For us, this shift was inevitable.
The name 50 Ways to Cook no longer reflected the work we were doing. Our focus had expanded far beyond recipes and kitchens into food waste, composting, soil regeneration, education, and systems change.
Becoming Generation Soil CIC allowed us to formalise that purpose and place community benefit at the heart of everything we do.
Our Community Interest Statement
Our activities nurture the health and wellbeing of people and the natural environment across Bristol.
We do this through education, services, and hands-on projects that reconnect food waste back to soil, and soil back to people.
Our work spans:
Our Vision: A Truly Circular Food System
Our mission is simple but ambitious.
We exist to help build a circular food system, where food waste is not wasted, nutrients are returned to the land, and soil is treated as a living foundation rather than an extractive resource.
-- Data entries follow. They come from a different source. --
(* Let $(Z,Z_{ac})$ be an accretive matrix-ordered vector space and let $((V,V_{ac}),\phi)$ be a $*$-closure of $(Z,Z_{ac})$. Then for all $n$ and $x,y\in M_n(Z)$: (i) $\phi^{(n)}(x)+\phi^{(n)}(y)^*\in V_{ac}^n$ if and only if $x+y\in Z_{ac}^n$; (ii) $\phi^{(n)}(x)+\phi^{(n)}(y)^*=0$ if and only if $x,y\in\operatorname{span}_{\mathbb{C}}Z_{sa}^n$ and $y=-x^*$.
   Context: For a complex vector space $Z$, $M_n(Z)$ is the $n\times n$ matrices over $Z$. A cone is a set $C$ with $C+C\subseteq C$, $tC\subseteq C$ ($t\ge0$). A matrix cone is a sequence of cones $C_n\subseteq M_n(Z)$ with $X^*C_nX\subseteq C_k$ for all scalar $X\in M_{n,k}$; it is $\mathbb{C}$-proper if $C_1\cap-C_1\cap iC_1\cap-iC_1=\{0\}$, and then $(Z,Z_{ac})$, $Z_{ac}=\{Z_{ac}^n\}$, is an accretive matrix-ordered vector space, with $Z_{sa}^n=iZ_{ac}^n\cap-iZ_{ac}^n$ and $Z_+^n=Z_{sa}^n\cap Z_{ac}^n$. For $W=\operatorname{span}_{\mathbb{C}}Z_{sa}^1$, one has $\operatorname{span}_{\mathbb{C}}Z_{sa}^n=M_n(W)$ and there is a unique conjugate-linear involution $*$ on $M_n(W)$ fixing each element of $Z_{sa}^n$, given by $[z_{kl}]^*=[z_{lk}^*]$; this defines $x^*$ in (ii). $(Z,Z_{ac})$ is self-adjoint if $Z=\operatorname{span}_{\mathbb{C}}Z_{sa}^1$ (so $Z$ itself carries this involution). A linear map $\phi$ is real-completely positive if $\phi^{(n)}(Z_{ac}^n)\subseteq V_{ac}^n$ for all $n$ ($\phi^{(n)}$ = entrywise application); a real-complete order embedding if injective and both $\phi$ and $\phi^{-1}$ (on the range) are real-completely positive. A $*$-closure of $(Z,Z_{ac})$ is a pair $((V,V_{ac}),\phi)$ with $(V,V_{ac})$ a self-adjoint accretive matrix-ordered vector space, $\phi:Z\to V$ a real-complete order embedding, and $V=\phi(Z)+\phi(Z)^*$ with respect to the involution of $V$. *)

From HB Require Import structures.
From mathcomp Require Import all_boot all_order all_algebra.
From Stdlib Require Import ClassicalEpsilon.
Set Implicit Arguments. Unset Strict Implicit. Unset Printing Implicit Defensive.
Import Order.TTheory GRing.Theory Num.Theory.
Local Open Scope ring_scope.

Section AMOS.
Variables (C : numClosedFieldType) (Z : lmodType C).

Definition mscale m n (c : C) (x : 'M[Z]_(m, n)) : 'M[Z]_(m, n) :=
  map_mx (fun z => c *: z) x.

(* X^* x X for a scalar matrix X in M_{n,k}(C) and x in M_n(Z) *)
Definition conj_act n k (X : 'M[C]_(n, k)) (x : 'M[Z]_n) : 'M[Z]_k :=
  \matrix_(i, j) \sum_(p < n) \sum_(q < n) ((Num.conj (X p i)) * X q j) *: x p q.

(* A "matrix family" of subsets: level n.+1 is a subset of M_{n+1}(Z)
   (so index n represents matrix size n+1; sizes range over n >= 1). *)
Definition mfam := forall n : nat, 'M[Z]_n.+1 -> Prop.

Definition is_cone n (P : 'M[Z]_n.+1 -> Prop) : Prop :=
  (forall x y, P x -> P y -> P (x + y)) /\
  (forall (t : C) x, 0 <= t -> P x -> P (mscale t x)).

Definition matrix_cone (K : mfam) : Prop :=
  (forall n, is_cone (K n)) /\
  (forall n k (X : 'M[C]_(n.+1, k.+1)) x, K n x -> K k (conj_act X x)).

Definition smul_set n (t : C) (P : 'M[Z]_n.+1 -> Prop) (x : 'M[Z]_n.+1) : Prop :=
  exists c, P c /\ x = mscale t c.

Definition C_proper (K : mfam) : Prop :=
  forall x : 'M[Z]_1,
    K 0%N x -> smul_set (-1) (K 0%N) x -> smul_set 'i (K 0%N) x ->
    smul_set (- 'i) (K 0%N) x -> x = 0.

Definition accretive_mos (K : mfam) : Prop := matrix_cone K /\ C_proper K.

Definition Zsa (K : mfam) n (x : 'M[Z]_n.+1) : Prop :=
  smul_set 'i (K n) x /\ smul_set (- 'i) (K n) x.

Definition Cspan n (P : 'M[Z]_n.+1 -> Prop) (x : 'M[Z]_n.+1) : Prop :=
  exists (k : nat) (c : 'I_k -> C) (v : 'I_k -> 'M[Z]_n.+1),
    (forall i, P (v i)) /\ x = \sum_(i < k) mscale (c i) (v i).

(* The involution on span_C Z_sa^n: the unique conjugate-linear map fixing
   Z_sa^n, i.e. a + i b |-> a - i b for a, b in Z_sa^n (Z_sa^n is a real
   subspace, so span_C Z_sa^n = Z_sa^n + i Z_sa^n). Outside span_C Z_sa^n
   the value is irrelevant (chosen to be x). *)
Definition adj (K : mfam) n (x : 'M[Z]_n.+1) : 'M[Z]_n.+1 :=
  match excluded_middle_informative
          (exists ab : 'M[Z]_n.+1 * 'M[Z]_n.+1,
             Zsa K ab.1 /\ Zsa K ab.2 /\ x = ab.1 + mscale 'i ab.2) with
  | left h => let ab := proj1_sig (constructive_indefinite_description _ h) in
              ab.1 - mscale 'i ab.2
  | right _ => x
  end.

(* self-adjoint: Z = span_C Z_sa^1 (identifying Z with M_1(Z)) *)
Definition self_adjoint (K : mfam) : Prop :=
  forall z : Z, Cspan (Zsa K (n:=0%N)) (const_mx z : 'M[Z]_1).

End AMOS.

Section Maps.
Variables (C : numClosedFieldType) (Z V : lmodType C).

Definition real_cp (Zac : mfam Z) (Vac : mfam V) (phi : Z -> V) : Prop :=
  forall n (x : 'M[Z]_n.+1), Zac n x -> Vac n (map_mx phi x).

Definition real_coe (Zac : mfam Z) (Vac : mfam V) (phi : Z -> V) : Prop :=
  injective phi /\ real_cp Zac Vac phi /\
  (forall n (x : 'M[Z]_n.+1), Vac n (map_mx phi x) -> Zac n x).

Definition star_closure (Zac : mfam Z) (Vac : mfam V) (phi : {linear Z -> V}) : Prop :=
  accretive_mos Vac /\ self_adjoint Vac /\ real_coe Zac Vac phi /\
  (forall v : V, exists z1 z2 : Z,
      (const_mx v : 'M[V]_1) =
      const_mx (phi z1) + adj Vac (n:=0%N) (const_mx (phi z2))).
End Maps.

From HB Require Import structures.
From mathcomp Require Import all_boot all_order all_algebra ring.
From Stdlib Require Import ClassicalEpsilon.
Import Order.TTheory GRing.Theory Num.Theory.
Local Open Scope ring_scope.

(* Z_sa^n is a real subspace of M_n(Z) stable under compressions X^* . X, and
   C-properness at level 1 propagates to every level by polarization, so Z_sa^n and
   i Z_sa^n meet only in 0.  Hence each w in span_C Z_sa^n has a unique Cartesian
   decomposition w = a + i b, and w^* = a - i b.  As i b and -i b both lie in the cone,
   adding w or w^* to a matrix does not change its membership in the cone, which gives (i).
   For (ii), phi x = -(phi y)^* means that phi (x - y) and i phi (x + y) lie in V_sa, hence
   x - y and i (x + y) lie in Z_sa because phi is a real-complete order embedding; these are
   twice the real part and minus twice the imaginary part of x.  Self-adjointness of V is
   needed to decompose phi y, which again follows by polarization, entry by entry. *)

Set Implicit Arguments.
Unset Strict Implicit.
Unset Printing Implicit Defensive.

Section MatrixScale.
Variables (C : numClosedFieldType) (W : lmodType C).

Lemma mscaleDr m n c (x y : 'M[W]_(m, n)) :
  mscale c (x + y) = mscale c x + mscale c y.
Proof. by apply/matrixP=> i j; rewrite !mxE scalerDr. Qed.

Lemma mscaleDl m n c d (x : 'M[W]_(m, n)) :
  mscale (c + d) x = mscale c x + mscale d x.
Proof. by apply/matrixP=> i j; rewrite !mxE scalerDl. Qed.

Lemma mscaleA m n c d (x : 'M[W]_(m, n)) :
  mscale c (mscale d x) = mscale (c * d) x.
Proof. by apply/matrixP=> i j; rewrite !mxE scalerA. Qed.

Lemma mscale1 m n (x : 'M[W]_(m, n)) : mscale 1 x = x.
Proof. by apply/matrixP=> i j; rewrite !mxE scale1r. Qed.

Lemma mscaleN1 m n (x : 'M[W]_(m, n)) : mscale (-1) x = - x.
Proof. by apply/matrixP=> i j; rewrite !mxE scaleN1r. Qed.

Lemma mscalerN m n c (x : 'M[W]_(m, n)) : mscale c (- x) = - mscale c x.
Proof. by apply/matrixP=> i j; rewrite !mxE scalerN. Qed.

Lemma mscaleNr m n c (x : 'M[W]_(m, n)) : mscale (- c) x = - mscale c x.
Proof. by apply/matrixP=> i j; rewrite !mxE scaleNr. Qed.

Lemma mscaler0 m n c : mscale c (0 : 'M[W]_(m, n)) = 0.
Proof. by apply/matrixP=> i j; rewrite !mxE scaler0. Qed.

Lemma mscale0 m n (x : 'M[W]_(m, n)) : mscale 0 x = 0.
Proof. by apply/matrixP=> i j; rewrite !mxE scale0r. Qed.

Lemma mscale_half m n (x : 'M[W]_(m, n)) : mscale 2^-1 (x + x) = x.
Proof. by rewrite -{1 2}(mscale1 x) -mscaleDl mscaleA mulVf ?mscale1 ?pnatr_eq0. Qed.

Lemma conj_act_mscale k l (X : 'M[C]_(k, l)) t (x : 'M[W]_k) :
  conj_act X (mscale t x) = mscale t (conj_act X x).
Proof.
apply/matrixP=> i j; rewrite !mxE scaler_sumr; apply: eq_bigr => p _.
by rewrite scaler_sumr; apply: eq_bigr => q _; rewrite !mxE !scalerA mulrC.
Qed.

Lemma sum_delta_scale m (g : 'I_m -> W) p : \sum_r ((r == p)%:R : C) *: g r = g p.
Proof.
rewrite (bigD1 p) //= eqxx scale1r big1 ?addr0 // => r /negbTE ->.
by rewrite scale0r.
Qed.

End MatrixScale.

Lemma mulrNii (C : numClosedFieldType) : 'i * - 'i = 1 :> C.
Proof. by rewrite mulrN -expr2 sqrCi opprK. Qed.

Lemma mulNrii (C : numClosedFieldType) : - 'i * 'i = 1 :> C.
Proof. by rewrite mulNr -expr2 sqrCi opprK. Qed.

Section Polarization.
Variables (C : numClosedFieldType) (W : lmodType C) (n : nat) (h : 'M[W]_n).

Definition sesq (f g : 'I_n -> C) : W :=
  \sum_p \sum_q (Num.conj (f p) * g q) *: h p q.

Lemma sesqDl f1 f2 g : sesq (fun p => f1 p + f2 p) g = sesq f1 g + sesq f2 g.
Proof.
rewrite /sesq -big_split; apply: eq_bigr => p _; rewrite -big_split.
by apply: eq_bigr => q _; rewrite rmorphD mulrDl scalerDl.
Qed.

Lemma sesqDr f g1 g2 : sesq f (fun q => g1 q + g2 q) = sesq f g1 + sesq f g2.
Proof.
rewrite /sesq -big_split; apply: eq_bigr => p _; rewrite -big_split.
by apply: eq_bigr => q _; rewrite mulrDr scalerDl.
Qed.

Lemma sesqZl c f g : sesq (fun p => c * f p) g = Num.conj c *: sesq f g.
Proof.
rewrite /sesq scaler_sumr; apply: eq_bigr => p _; rewrite scaler_sumr.
by apply: eq_bigr => q _; rewrite rmorphM scalerA mulrA.
Qed.

Lemma sesqZr c f g : sesq f (fun q => c * g q) = c *: sesq f g.
Proof.
rewrite /sesq scaler_sumr; apply: eq_bigr => p _; rewrite scaler_sumr.
by apply: eq_bigr => q _; rewrite scalerA mulrCA.
Qed.

Lemma sesq_delta p q : sesq (fun r => (r == p)%:R) (fun r => (r == q)%:R) = h p q.
Proof.
rewrite /sesq (eq_bigr (fun r => (r == p)%:R *: \sum_s ((s == q)%:R : C) *: h r s)).
  by rewrite !sum_delta_scale.
move=> r _; rewrite scaler_sumr; apply: eq_bigr => s _.
by rewrite conjC_nat scalerA.
Qed.

Lemma sesq_polar : (forall f, sesq f f = 0) -> h = 0.
Proof.
move=> sesq_ff; apply/matrixP => p q; rewrite mxE -(sesq_delta p q).
set dp := fun r => _; set dq := fun r => _.
have sym : sesq dp dq + sesq dq dp = 0.
  have := sesq_ff (fun r => dp r + dq r).
  by rewrite sesqDl !sesqDr !sesq_ff add0r addr0.
have asym : sesq dp dq - sesq dq dp = 0.
  have := sesq_ff (fun r => dp r + 'i * dq r).
  rewrite sesqDl !sesqDr !sesqZl !sesqZr !sesq_ff !scaler0 add0r addr0 conjCi.
  move/(congr1 (fun w => - 'i *: w)); rewrite scaler0 scalerDr !scalerA.
  by rewrite mulNrii mulrNN -expr2 sqrCi scale1r scaleN1r.
have : (2 : C) *: sesq dp dq = 0.
  by rewrite scaler_nat mulr2n -[RHS](addr0 0) -{1}sym -asym addrACA subrr addr0.
by move/eqP; rewrite scaler_eq0 pnatr_eq0 /= => /eqP.
Qed.

End Polarization.

Section AccretiveCone.
Variables (C : numClosedFieldType) (W : lmodType C) (K : mfam W).
(* [mfam] is a dependent product, so [K] would otherwise get an implicit size index. *)
Arguments K : clear implicits.
Hypotheses (Kmc : matrix_cone K) (Kproper : C_proper K).

Lemma coneD n (x y : 'M[W]_n.+1) : K n x -> K n y -> K n (x + y).
Proof. by case: Kmc => h _; case: (h n) => D _; apply: D. Qed.

Lemma coneZ n (t : C) (x : 'M[W]_n.+1) : 0 <= t -> K n x -> K n (mscale t x).
Proof. by case: Kmc => h _; case: (h n) => _ Z; apply: Z. Qed.

Lemma cone_conj_act n k (X : 'M[C]_(n.+1, k.+1)) x : K n x -> K k (conj_act X x).
Proof. by case: Kmc => _ h; apply: h. Qed.

Lemma smul_setE n (t s : C) (x : 'M[W]_n.+1) :
  s * t = 1 -> smul_set t (K n) x <-> K n (mscale s x).
Proof.
move=> st; split=> [[c [Kc ->]]|Ksx]; first by rewrite mscaleA st mscale1.
by exists (mscale s x); rewrite mscaleA mulrC st mscale1.
Qed.

Lemma ZsaE n (x : 'M[W]_n.+1) :
  Zsa K x <-> K n (mscale (- 'i) x) /\ K n (mscale 'i x).
Proof.
by rewrite /Zsa (smul_setE x (mulNrii C)) (smul_setE x (mulrNii C)).
Qed.

Lemma ZsaD n (x y : 'M[W]_n.+1) : Zsa K x -> Zsa K y -> Zsa K (x + y).
Proof.
by move=> /ZsaE[Kx Kx'] /ZsaE[Ky Ky']; apply/ZsaE; rewrite !mscaleDr; split; apply: coneD.
Qed.

Lemma ZsaN n (x : 'M[W]_n.+1) : Zsa K x -> Zsa K (- x).
Proof. by move=> /ZsaE[Kx Kx']; apply/ZsaE; rewrite !mscalerN -!mscaleNr opprK. Qed.

Lemma ZsaZ n (r : C) (x : 'M[W]_n.+1) : r \is Num.real -> Zsa K x -> Zsa K (mscale r x).
Proof.
move=> /orP[r_ge0|r_le0] /ZsaE[Kx Kx']; apply/ZsaE; rewrite !mscaleA.
  by rewrite ![_ * r]mulrC -!mscaleA; split; apply: coneZ.
have -> : - 'i * r = - r * 'i by rewrite !mulNr mulrC.
have -> : 'i * r = - r * - 'i by rewrite mulrNN mulrC.
by rewrite -!mscaleA; split; apply: coneZ; rewrite ?oppr_ge0.
Qed.

Lemma Zsa_conj_act n k (X : 'M[C]_(n.+1, k.+1)) x : Zsa K x -> Zsa K (conj_act X x).
Proof.
by move=> /ZsaE[Kx Kx']; apply/ZsaE; rewrite -!conj_act_mscale; split; apply: cone_conj_act.
Qed.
We continue to run our circular food education workshops at our food forest market garden, and beyond, exploring:
Meal planning and food waste reduction
Regenerating soil health
Growing fresh food locally
And this is only the beginning. New projects are launching soon.
Regenerating the Environment Starts With Soil
Over the years, we have explored every layer of the food system, from cooking and waste reduction to growing food.
Today, our work centres on the foundation beneath it all: soil.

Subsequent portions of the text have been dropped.